Epargne : une envolée qui traduit l’inquiétude
L’épargne depuis le début de la crise sanitaire a connu une envolée tout à fait exceptionnelle, elle a augmenté de 12 points pour s’établir à 27,4% au deuxième trimestre, selon les chiffres de l’Institut national des statistiques et des études économiques (Insee) vendredi. D’ici la fin de l’année, les Français devraient avoir mis de côté pas loin de 100 milliards d’euros, « l’épargne Covid » s’élevant déjà à 80 milliards à fin juillet, selon la Banque de France. Il y a évidemment plusieurs explications à cette progression.
Pendant la crise la production et la commercialisation ont été fortement handicapées et les Français se sont limités aux achats les plus indispensables. La baisse de la consommation a donc des dimensions conjoncturelles. Mais elle comporte aussi des aspects structurels avec une certaine évolution des modes de consommation moins dépensiers. Enfin et peut-être surtout, si les Français qui le peuvent, épargnent davantage, c’est en raison d’une crainte fort légitime d’une dégradation importante de l’économie et de l’emploi. De ce point de vue, avec une baisse de 10 % en 2020, c’est mécaniquement 1 million de chômeurs environ qui viendront s’ajouter aux autres avec des conséquences pour l’ensemble du pouvoir d’achat en France.
Le plan de relance de 100 milliards d’euros « devra remettre dans le circuit cette épargne excessive en rassurant sur l’emploi », note Philippe Waechter, chef économiste chez Ostrum Asset Management.
« Comment on mobilise cette épargne pour soutenir l’économie? C’est la grande question.

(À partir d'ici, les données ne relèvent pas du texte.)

Lemma inv_ratio_expn_le (m n : nat) : (0 < m)%N ->
  ((m%:R / (m + n)%:R)^-1) ^+ m <= 4 ^+ n :> R.
Proof.
move=> m0; have mp : 0 < m%:R :> R by rewrite ltr0n.
have -> : (m%:R / (m + n)%:R)^-1 = 1 + n%:R / m%:R :> R.
  by rewrite invf_div natrD; field; rewrite gt_eqF.
apply: (@le_trans _ _ (expR (n%:R / m%:R) ^+ m)).
  by rewrite lerXn2r ?nnegrE ?expR_ge0 ?expR_ge1Dx ?addr_ge0 ?divr_ge0.
rewrite -expRM_natl mulrC mulfVK ?gt_eqF // -[n%:R]mul1r expRM_natr.
by rewrite lerXn2r ?nnegrE ?expR_ge0 ?expR1_le4 //; lra.
Qed.

Lemma coarse_bound_le (D : R) n : 0 <= D ->
  (coarse_bound D n)%:R <= 3 * D * Num.sqrt n%:R + n%:R.
Proof. by move=> D0; rewrite truncn_le addr_ge0 ?mulr_ge0 ?sqrtr_ge0. Qed.

Lemma coarse_bound_gt0 (D : R) n : (0 < n)%N -> 0 <= D -> (0 < coarse_bound D n)%N.
Proof.
move=> n0 D0; rewrite truncn_ge_nat ?addr_ge0 ?mulr_ge0 ?sqrtr_ge0 //.
by rewrite ler_wpDl ?mulr_ge0 ?sqrtr_ge0 // ler1n.
Qed.

Lemma fine_bound_le (beta : R) : 0 < beta < 2^-1 -> (2 * fine_bound beta)%:R <= 3 * beta^-1.
Proof.
move=> /andP[b0 b1]; have bi2 : 2 <= beta^-1 by rewrite -[2]invrK lef_pV2 ?posrE // ltW.
have ht : (Num.truncn beta^-1)%:R <= beta^-1 by rewrite truncn_le invr_ge0 ltW.
by rewrite natrM /fine_bound -addn1 natrD; lra.
Qed.

Lemma support_factor_le (alpha beta : R) n : 0 <= alpha <= 1 -> 0 < beta < 2^-1 ->
  ((2 * fine_bound beta)%:R) ^+ (support_bound alpha n) <=
  3 ^+ n * powR (beta^-1) (alpha * n%:R) :> R.
Proof.
move=> /andP[a0 a1] /andP[b0 b1].
have an0 : 0 <= alpha * n%:R by rewrite mulr_ge0.
have K1 : 1 <= (2 * fine_bound beta)%:R :> R by rewrite ler1n.
have bi0 : 0 <= beta^-1 by rewrite invr_ge0 ltW.
have three0 : 0 <= 3 :> R by lra.
rewrite -(powR_mulrn _ (ler0n _ _)).
apply: (@le_trans _ _ (powR ((2 * fine_bound beta)%:R) (alpha * n%:R))).
  by apply: ler_powR => //; rewrite truncn_le.
apply: (@le_trans _ _ (powR (3 * beta^-1) (alpha * n%:R))).
  by apply: ge0_ler_powR; rewrite ?nnegrE ?fine_bound_le ?b0 ?b1 ?mulr_ge0.
rewrite powRM // ler_wpM2r ?powR_ge0 // -powR_mulrn //.
by apply: ler_powR; [lra | rewrite ler_piMl].
Qed.

End Numerics.

Lemma coarse_factor_le {R : realType} (D sa : R) (m n : nat) :
  (0 < n)%N -> 0 < sa <= D -> sa <= Num.sqrt n%:R -> m%:R <= 3 * D * Num.sqrt n%:R + n%:R ->
  2 * ((1 + m%:R / (m + n)%:R) / (1 - m%:R / (m + n)%:R)) <= 18 * (D / sa).
Proof.
move=> n0 /andP[sa0 saD] san mle.
have np : 0 < n%:R :> R by rewrite ltr0n.
have D0 : 0 < D := lt_le_trans sa0 saD.
have -> : (1 + m%:R / (m + n)%:R) / (1 - m%:R / (m + n)%:R) = (2 * m%:R + n%:R) / n%:R :> R.
  have mn : (m + n)%:R != 0 :> R by rewrite pnatr_eq0 addn_eq0 negb_and -!lt0n n0 orbT.
  by rewrite natrD in mn *; field; rewrite mn gt_eqF.
set s := Num.sqrt n%:R in san mle *.
have s0 : 0 < s by rewrite sqrtr_gt0.
have ns : n%:R = s ^+ 2 by rewrite sqr_sqrtr ?ler0n.
have ratio : (2 * m%:R + n%:R) / n%:R <= 6 * (D / s) + 3.
  rewrite ler_pdivrMr //.
  have -> : (6 * (D / s) + 3) * n%:R = 6 * D * s + 3 * n%:R.
    by rewrite ns; field; rewrite gt_eqF.
  lra.
have : D / s <= D / sa by rewrite ler_pM2l // lef_pV2.
have : 1 <= D / sa by rewrite ler_pdivlMr // mul1r.
lra.
Qed.

Lemma card_codes_le {R : realType} n (alpha beta D : R) :
  (0 < n)%N -> 0 < alpha < 1 -> 0 < beta < 2^-1 ->
  Num.sqrt (alpha * n%:R) <= D -> 4^-1 <= D ->
  #|lattice_codes n (coarse_bound D n) (fine_bound beta) (support_bound alpha n)|%:R <=
  D / beta * (432 * D / Num.sqrt (alpha * n%:R)) ^+ n * powR (beta^-1) (alpha * n%:R).
Proof.
move=> n0 /andP[a0 a1] hb hD hD4; have /andP[b0 b1] := hb.
set sa := Num.sqrt (alpha * n%:R) in hD *; set Q := D / sa.
have sa0 : 0 < sa by rewrite sqrtr_gt0 mulr_gt0 // ltr0n.
have D0 : 0 < D := lt_le_trans sa0 hD.
have Q1 : 1 <= Q by rewrite ler_pdivlMr // mul1r.
set m := coarse_bound D n; have m0 : (0 < m)%N by rewrite coarse_bound_gt0 // ltW.
set r : R := m%:R / (m + n)%:R.
have mn0 : 0 < (m + n)%:R :> R by rewrite ltr0n addn_gt0 m0.
have r01 : 0 < r < 1.
  apply/andP; split; first by apply: divr_gt0 => //; rewrite ltr0n.
  by rewrite ltr_pdivrMr // mul1r ltr_nat; lia.
have Cfac0 : 0 <= 2 * ((1 + r) / (1 - r)) by rewrite mulr_ge0 // divr_ge0; lra.
apply: le_trans (card_codes_le_weighted _ _ _ r01 (ltn0Sn _)) _.
apply: (@le_trans _ _ (4 ^+ n * (3 ^+ n * powR (beta^-1) (alpha * n%:R)) * (18 * Q) ^+ n)).
  have ri0 : 0 <= r^-1 by rewrite invr_ge0; case/andP: r01 => /ltW.
  apply: ler_pM; [by rewrite mulr_ge0 ?exprn_ge0 | exact: exprn_ge0 | |].
    apply: ler_pM; rewrite ?exprn_ge0 //; first exact: inv_ratio_expn_le.
    by rewrite support_factor_le // !ltW.
  apply: lerXn2r; rewrite ?nnegrE //; first by rewrite mulr_ge0 // (le_trans ler01 Q1).
  apply: coarse_factor_le; rewrite ?sa0 ?coarse_bound_le ?(ltW D0) //.
  by rewrite ler_sqrt ?ler0n // ger_pMl ?ltr0n // ltW.
(* the factor [D / beta >= 1 / 2] is absorbed by [2 ^+ n >= 2] *)
have two_n : 2 <= 2 ^+ n :> R.
  by rewrite -[X in X <= _]expr1 ler_eXn2l // ltr1n.
have Dbeta : 2^-1 <= D / beta by rewrite ler_pdivlMr //; lra.
set X := (4 * 3 * 18 * Q) ^+ n * powR (beta^-1) (alpha * n%:R).
have X0 : 0 <= X.
  by rewrite /X mulr_ge0 ?powR_ge0 // exprn_ge0 // mulr_ge0 // (le_trans ler01 Q1).
have -> : 4 ^+ n * (3 ^+ n * powR beta^-1 (alpha * n%:R)) * (18 * Q) ^+ n = X.
  by rewrite /X !exprMn; ring.
have -> : D / beta * (432 * D / sa) ^+ n * powR beta^-1 (alpha * n%:R) =
    D / beta * 2 ^+ n * X.
  have -> : 432 * D / sa = 2 * (4 * 3 * 18 * Q) by rewrite /Q; ring.
  by rewrite exprMn /X; ring.
by rewrite ler_peMl //; nra.
Qed.

Theorem claim6p2 (R : realType) :
  exists c : R, 0 < c /\
  forall (n : nat) (alpha beta D : R),
    (1 <= n)%N -> 0 < alpha < 1 -> 0 < beta < 2^-1 ->
    Num.sqrt (alpha * n%:R) <= D ->
    exists N : seq 'rV[R]_n,
      (forall y, y \in N -> S_D alpha beta D y) /\
      (forall x, S_D alpha beta D x ->
         exists2 y, y \in N & norm2 (x - y) <= 6 * beta * Num.sqrt n%:R / D) /\
      (size N)%:R <= D / beta * (c * D / Num.sqrt (alpha * n%:R)) ^+ n
                     * powR (beta^-1) (alpha * n%:R).
Proof.
exists 432; split; first by rewrite ltr0n.
move=> n alpha beta D n1 ha hb hD.
have /andP[a0 _] := ha; have /andP[b0 _] := hb.
have sa0 : 0 < Num.sqrt (alpha * n%:R) by rewrite sqrtr_gt0 mulr_gt0 ?ltr0n.
have D0 : 0 < D := lt_le_trans sa0 hD.
have [hD4|hD4] := ltP D 4^-1.
  exists [::]; split=> //; split; first by move=> x /(S_D_small hb hD4).
  rewrite [(size _)%:R]/=.
  apply: mulr_ge0; last exact: powR_ge0.
  apply: mulr_ge0; first exact: divr_ge0 (ltW D0) (ltW b0).
  apply: exprn_ge0; apply: divr_ge0 (ltW sa0).
  exact: mulr_ge0 (ler0n _ _) (ltW D0).
have [N [NS Ncover Nsize]] :=
  net_of_cover (fun x => @S_D_near_code R n alpha beta D x hb D0).
exists N; split => //; split.
  move=> x /Ncover[y yN xy]; exists y => //.
  by apply: le_trans xy _; rewrite !mulrA; lra.
by apply: le_trans (card_codes_le n1 ha hb hD hD4); rewrite ler_nat.
Qed.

Le plan de relance est censé faire repartir la machine mais il ne comporte pas de mesure ciblée sur l’épargne comme en Allemagne », qui a décidé de baisser la TVA pendant six mois, relève Mathieu Plane. « Le gouvernement préfère donner un message de confiance, inciter les Français à dépenser, mais est-ce que cela sera suffisant? Le risque est de mourir riche », ironise l’économiste.
Après avoir bondi à la sortie du confinement (+35,5% en mai et +10,3% en juin), les achats se sont stabilisés en juillet (+0,5%), avec une prime pour la consommation de carburants, en forte hausse, au détriment des dépenses en habillement-textile qui progressent plus faiblement.
La consommation des ménages retrouve ainsi « quasiment » son niveau de novembre 2019, selon l’Insee, mais « on n’a pas eu de véritable rattrapage, au sens où on continue d’accumuler des pertes », selon Mathieu Plane, directeur adjoint du département Analyse et Prévision de l’OFCE. Dès lors, « on ne peut pas parler de reprise, mais d’un simple rebond » de l’activité.
Surtout, cette baisse de la consommation a fait chuter le produit intérieur brut de 13,8% au deuxième trimestre 2020, selon l’Insee. Cet effondrement est inédit depuis 1949, date à laquelle il a commencé à mesurer l’activité économique française de façon trimestrielle. Même après la chute de Lehman Brothers en 2008-2009 ou la grève générale de mai 1968, la chute n’avait pas été aussi brutale.